About this exercise — Report each line of the entries that includes "surviving" by copying it.

[Dataset excerpts]
────────

(* Let $k \ge 1$, $N \ge 0$ and $0 \le \alpha \le N$ be integers and let $T = [t_1,\dots,t_k]$ with $t_1 \ge t_2 \ge \dots \ge t_k \ge 0$. Let $X = \{x \in \mathbb{Z}_{\ge 0}^k : \sum_{i=1}^k x_i \le N\}$ and let $f: X \to \mathbb{R}$ be the adversarial objective $f(x) = \min_{\delta \in \Delta_\alpha(x)} \sum_{i=1}^k t_i H(x_i - \delta_i)$. Then there exists $\tilde{x} \in X$ with $f(\tilde{x}) = \max_{x \in X} f(x)$ and $\tilde{x}_1 \ge \tilde{x}_2 \ge \dots \ge \tilde{x}_k$.
   Context: $H(n) = \min(1,n)$ for integers $n \ge 0$ (the indicator that a task with $n$ surviving agents is completed). For $x \in \mathbb{Z}_{\ge 0}^k$, the set of admissible attacks is $\Delta_\alpha(x) = \{\delta \in \mathbb{Z}_{\ge 0}^k : \sum_{i=1}^k \delta_i \le \alpha \text{ and } \delta_i \le x_i \text{ for all } i\}$; $\delta_i$ is the number of agents on task $i$ disabled by an adversary. Problem 2 (adversarial failure) is to maximize $f$ over $X$. *)

From mathcomp Require Import all_boot all_order all_algebra.
Set Implicit Arguments. Unset Strict Implicit. Unset Printing Implicit Defensive.
Import Order.TTheory GRing.Theory Num.Theory.
Local Open Scope ring_scope.

Definition Hfun (R : numDomainType) (n : nat) : R := (minn 1 n)%:R.

Definition admissible (k alpha : nat) (x delta : 'I_k -> nat) : bool :=
  ((\sum_(i < k) delta i)%N <= alpha)%N && [forall i, (delta i <= x i)%N].

(* sum_i t_i H(x_i - delta_i)  (truncated subtraction; delta_i <= x_i anyway) *)
Definition attacked_value (R : numDomainType) (k : nat) (t : 'I_k -> R)
  (x delta : 'I_k -> nat) : R :=
  \sum_(i < k) t i * Hfun R (x i - delta i)%N.

(* Every admissible delta satisfies
   delta_i <= x_i, so when every x_i <= N it is encoded as a finite function
   'I_k -> 'I_(N.+1).  The min is seeded with the value at delta = 0, which is
   itself admissible, so the seed does not change the minimum. *)
Definition adv_obj (R : realDomainType) (k N alpha : nat) (t : 'I_k -> R)
  (x : 'I_k -> nat) : R :=
  \big[Order.min/attacked_value t x (fun _ => 0%N)]_(d : {ffun 'I_k -> 'I_N.+1}
       | admissible alpha x (fun i => nat_of_ord (d i)))
     attacked_value t x (fun i => nat_of_ord (d i)).

Definition feasible (k N : nat) (x : 'I_k -> nat) : Prop :=
  ((\sum_(i < k) x i)%N <= N)%N.

From mathcomp Require Import all_boot all_order all_algebra.
From mathcomp Require Import fingroup perm zify lra.
From Stdlib Require Import FunctionalExtensionality.
Set Implicit Arguments. Unset Strict Implicit. Unset Printing Implicit Defensive.
Import Order.TTheory GRing.Theory Num.Theory.
Local Open Scope ring_scope.

(* Exchange argument: if i < j (so t_i >= t_j) but x_i < x_j, then
   swapping the allocations of tasks i and j does not decrease f.  Indeed every
   attack d' on the swapped allocation is matched by an attack d on x with no
   larger budget and no larger surviving value: d attacks "the same agents"
   (d_i = d'_j, d_j = d'_i), except when d' completely destroys task i while
   sparing task j, in which case d destroys task i of x (costing x_i <= x_j)
   and leaves task j alone.  Since the feasible set is finite, pick a maximizer
   of f and, among all maximizers, one maximizing the potential
   Phi(x) = sum_l x_l (k - l).  A swap at an inversion keeps x optimal and
   strictly increases Phi, so this maximizer is nonincreasing. *)

Lemma big_pair (T : Type) (idx : T) (op : Monoid.com_law idx) (k : nat)
    (i j : 'I_k) (F : 'I_k -> T) : i != j ->
  \big[op/idx]_l F l =
  op (op (F i) (F j)) (\big[op/idx]_(l | (l != i) && (l != j)) F l).
Proof.
move=> ij; rewrite (bigD1 i) //= (bigD1 j) /=; last by rewrite eq_sym.
by rewrite Monoid.mulmA.
Qed.

Lemma ler_sum_pair (R : numDomainType) (k : nat) (i j : 'I_k) (F G : 'I_k -> R) :
  i != j -> (forall l, l != i -> l != j -> F l = G l) ->
  F i + F j <= G i + G j -> \sum_l F l <= \sum_l G l.
Proof.
move=> ij FG le_ij; rewrite (big_pair _ _ ij) [X in _ <= X](big_pair _ _ ij).
rewrite (eq_bigr G) ?lerD2r // => l /andP[li lj]; exact: FG.
Qed.

Lemma leq_sum_pair (k : nat) (i j : 'I_k) (F G : 'I_k -> nat) :
  i != j -> (forall l, l != i -> l != j -> F l = G l) ->
  (F i + F j <= G i + G j)%N -> (\sum_l F l <= \sum_l G l)%N.
Proof.
move=> ij FG le_ij; rewrite (big_pair _ _ ij) [X in (_ <= X)%N](big_pair _ _ ij).
rewrite (eq_bigr G) ?leq_add2r // => l /andP[li lj]; exact: FG.
Qed.

Lemma HfunE (R : numDomainType) (n : nat) : Hfun R n = if (0 < n)%N then 1 else 0.
Proof. by rewrite /Hfun; case: n => [|n]; rewrite ?minn0 ?(minn_idPl _). Qed.

Lemma exchange_pair (R : realDomainType) (ti tj : R) (xi xj di' dj' : nat) :
  tj <= ti -> 0 <= tj -> (xi < xj)%N -> (di' <= xj)%N -> (dj' <= xi)%N ->
  exists di dj, [/\ (di <= xi)%N, (dj <= xj)%N, (di + dj <= di' + dj')%N &
    ti * Hfun R (xi - di) + tj * Hfun R (xj - dj)
      <= ti * Hfun R (xj - di') + tj * Hfun R (xi - dj')].
Proof.
move=> tji tj0 xij di'_le dj'_le.
have [kills_i|spares_i] := eqVneq di' xj; last first.
  (* task i survives the original attack: attack the same agents *)
  exists dj', di'; split => //; first by rewrite addnC.
  have i_survives : (0 < xj - di')%N by rewrite subn_gt0 ltn_neqAle spares_i.
  rewrite !HfunE i_survives; case: (0 < xi - dj')%N; lra.
have [spares_j|kills_j] := ltnP dj' xi.
  (* destroy task i of x instead, leaving task j untouched *)
  exists xi, 0%N; split => //; first lia.
  rewrite kills_i !subnn subn0 !HfunE /= !subn_gt0 spares_j.
  by have -> : (0 < xj)%N by lia.
exists dj', di'; split => //; first by rewrite addnC.
rewrite kills_i subnn; have -> : (xi - dj' = 0)%N by lia.
by rewrite !HfunE /=; lra.
Qed.

(* A nat-valued function bounded by N is the value of a finite function into
   'I_N.+1: this is how [adv_obj] encodes attacks, and makes X finite. *)
Lemma ffun_of_bounded (k N : nat) (f : 'I_k -> nat) :
  (forall l, (f l <= N)%N) ->
  exists g : {ffun 'I_k -> 'I_N.+1}, f = (fun l => nat_of_ord (g l)).
Proof.
move=> fN; exists [ffun l => inord (f l)].
by apply: functional_extensionality => l; rewrite ffunE inordK // ltnS.
Qed.

Lemma feasible_bounded (k N : nat) (x : 'I_k -> nat) (l : 'I_k) :
  feasible N x -> (x l <= N)%N.
Proof. by rewrite /feasible (bigD1 l) //=; lia. Qed.

Definition swap (k : nat) (i j : 'I_k) (x : 'I_k -> nat) : 'I_k -> nat :=
  fun l => x (tperm i j l).

Definition potential (k : nat) (x : 'I_k -> nat) : nat :=
  \sum_(l < k) x l * (k - l).

Lemma swap_feasible (k N : nat) (i j : 'I_k) (x : 'I_k -> nat) :
  feasible N x -> feasible N (swap i j x).
Proof.
rewrite /feasible /swap; suff -> : (\sum_l x (tperm i j l) = \sum_l x l)%N by [].
by rewrite [RHS](reindex_inj (@perm_inj _ (tperm i j))).
Qed.

Lemma potential_swap (k : nat) (i j : 'I_k) (x : 'I_k -> nat) :
  (i < j)%N -> (x i < x j)%N -> (potential x < potential (swap i j x))%N.
Proof.
move=> ltij ltx; have ij : i != j by rewrite neq_ltn ltij.
rewrite /potential !(big_pair _ _ ij) /= /swap tpermL tpermR.
rewrite [in X in (_ < X)%N](eq_bigr (fun l => x l * (k - l)))%N; last first.
  by move=> l /andP[li lj]; rewrite tpermD // eq_sym.
rewrite ltn_add2r; have := ltn_ord j; nia.
Qed.

Lemma feasible_arg_max (k N : nat) (disp : Order.disp_t) (T : orderType disp)
    (F : ('I_k -> nat) -> T) (Q : ('I_k -> nat) -> bool) (x0 : 'I_k -> nat) :
  feasible N x0 -> Q x0 ->
  exists x, [/\ feasible N x, Q x &
    forall y, feasible N y -> Q y -> (F y <= F x)%O].
Proof.
move=> fx0 qx0; have [g0 ex0] := ffun_of_bounded (fun l => feasible_bounded l fx0).
pose as_nat (g : {ffun 'I_k -> 'I_N.+1}) := fun l => nat_of_ord (g l).
pose P g := ((\sum_(l < k) as_nat g l <= N)%N && Q (as_nat g)).
have Pg0 : P g0 by move: fx0 qx0; rewrite ex0 => fx0 qx0; apply/andP; split.
case: (arg_maxP (F \o as_nat) Pg0) => g /andP[fg qg] gmax.
exists (as_nat g); split => // y fy qy.
have [h ey] := ffun_of_bounded (fun l => feasible_bounded l fy).
by move: fy qy; rewrite ey => fy qy; apply: gmax; apply/andP; split.
Qed.

Section Adversary.
Variables (R : realDomainType) (k N alpha : nat) (t : 'I_k -> R).
Hypothesis t_nonincr : forall i j : 'I_k, (i <= j)%N -> t j <= t i.
Hypothesis t_nonneg : forall i : 'I_k, 0 <= t i.

Lemma adv_obj_le_attack (x d : 'I_k -> nat) : feasible N x ->
  admissible alpha x d -> adv_obj N alpha t x <= attacked_value t x d.
Proof.
move=> fx ad; have d_le_x : forall l, (d l <= x l)%N.
  by move=> l; move: ad => /andP[_ /forallP].
have [g ed] := ffun_of_bounded (fun l => leq_trans (d_le_x l) (feasible_bounded l fx)).
by rewrite ed in ad *; apply: bigmin_le_cond.
Qed.

Lemma adv_obj_ge (x : 'I_k -> nat) (c : R) :
  (forall d, admissible alpha x d -> c <= attacked_value t x d) ->
  c <= adv_obj N alpha t x.
Proof.
move=> c_le; apply: le_bigmin => [|d /c_le //].
by apply: c_le; apply/andP; split; [rewrite big1 | apply/forallP].
Qed.

Lemma attack_of_swap (x : 'I_k -> nat) (i j : 'I_k) (d' : 'I_k -> nat) :
  (i < j)%N -> (x i < x j)%N -> admissible alpha (swap i j x) d' ->
  exists d, admissible alpha x d /\
    attacked_value t x d <= attacked_value t (swap i j x) d'.
Proof.
move=> ltij ltx /andP[budget' /forallP d'_le].
have ij : i != j by rewrite neq_ltn ltij.
have swap_out l : l != i -> l != j -> swap i j x l = x l.
  by move=> li lj; rewrite /swap tpermD // eq_sym.
have := d'_le i; have := d'_le j; rewrite /swap tpermL tpermR => dj'_le di'_le.
have [di [dj [di_le dj_le dij exch]]] := exchange_pair
  (t_nonincr (ltnW ltij)) (t_nonneg j) ltx di'_le dj'_le.
pose d l := if l == i then di else if l == j then dj else d' l.
have [di_def dj_def] : d i = di /\ d j = dj by rewrite /d eqxx eq_sym (negbTE ij) eqxx.
have d_out l : l != i -> l != j -> d l = d' l by rewrite /d => /negbTE -> /negbTE ->.
exists d; split.
  apply/andP; split.
    apply: leq_trans budget'; apply: (leq_sum_pair ij d_out).
    by rewrite di_def dj_def.
  apply/forallP => l; have [->|li] := eqVneq l i; first by rewrite di_def.
  have [->|lj] := eqVneq l j; first by rewrite dj_def.
  by rewrite d_out // -(swap_out l li lj).
apply: (ler_sum_pair ij) => [l li lj|]; first by rewrite d_out // -[x l](swap_out l li lj).
by rewrite di_def dj_def /swap tpermL tpermR.
Qed.

Lemma swap_inversion_ge (x : 'I_k -> nat) (i j : 'I_k) : feasible N x ->
  (i < j)%N -> (x i < x j)%N ->
  adv_obj N alpha t x <= adv_obj N alpha t (swap i j x).
Proof.
move=> fx ltij ltx; apply: adv_obj_ge => d' ad'.
have [d [ad le_d]] := attack_of_swap ltij ltx ad'.
exact: le_trans (adv_obj_le_attack fx ad) le_d.
Qed.

End Adversary.

Theorem proposition1 (R : realFieldType) (k N alpha : nat) (t : 'I_k -> R)
  (hk : (1 <= k)%N) (halpha : (alpha <= N)%N)
  (ht_nonincr : forall i j : 'I_k, (i <= j)%N -> t j <= t i)
  (ht_nonneg : forall i : 'I_k, 0 <= t i) :
  exists xt : 'I_k -> nat,
    feasible N xt /\
    (forall x : 'I_k -> nat, feasible N x ->
       adv_obj N alpha t x <= adv_obj N alpha t xt) /\
    (forall i j : 'I_k, (i <= j)%N -> (xt j <= xt i)%N).
Proof.
set f := adv_obj N alpha t.
have feasible0 : feasible N (fun _ : 'I_k => 0%N) by rewrite /feasible big1.
have [xm [fxm _ xm_max]] := feasible_arg_max f (Q := xpredT) feasible0 isT.
pose optimal x := f x == f xm.
have [xs [fxs /eqP xs_opt xs_max]] :=
  feasible_arg_max (@potential k) (Q := optimal) fxm (eqxx _).
exists xs; split=> //; split=> [x fx|i j le_ij]; first by rewrite xs_opt xm_max.
rewrite leqNgt; apply/negP => lt_x.
have lt_ij : (i < j)%N.
  by rewrite ltn_neqAle le_ij andbT; apply: contraTneq lt_x => /val_inj ->; rewrite ltnn.
have fsw := swap_feasible i j fxs.
have opt_sw : optimal (swap i j xs).
  apply/eqP/le_anti; rewrite xm_max // -xs_opt.
  exact: swap_inversion_ge ht_nonincr ht_nonneg _ _ _ fxs lt_ij lt_x.
by have := xs_max _ fsw opt_sw; rewrite leEnat leqNgt potential_swap.
Qed.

────────

Answer space —
   Context: $H(n) = \min(1,n)$ for integers $n \ge 0$ (the indicator that a task with $n$ surviving agents is completed). For $x \in \mathbb{Z}_{\ge 0}^k$, the set of admissible attacks is $\Delta_\alpha(x) = \{\delta \in \mathbb{Z}_{\ge 0}^k : \sum_{i=1}^k \delta_i \le \alpha \text{ and } \delta_i \le x_i \text{ for all } i\}$; $\delta_i$ is the number of agents on task $i$ disabled by an adversary. Problem 2 (adversarial failure) is to maximize $f$ over $X$. *)
   larger budget and no larger surviving value: d attacks "the same agents"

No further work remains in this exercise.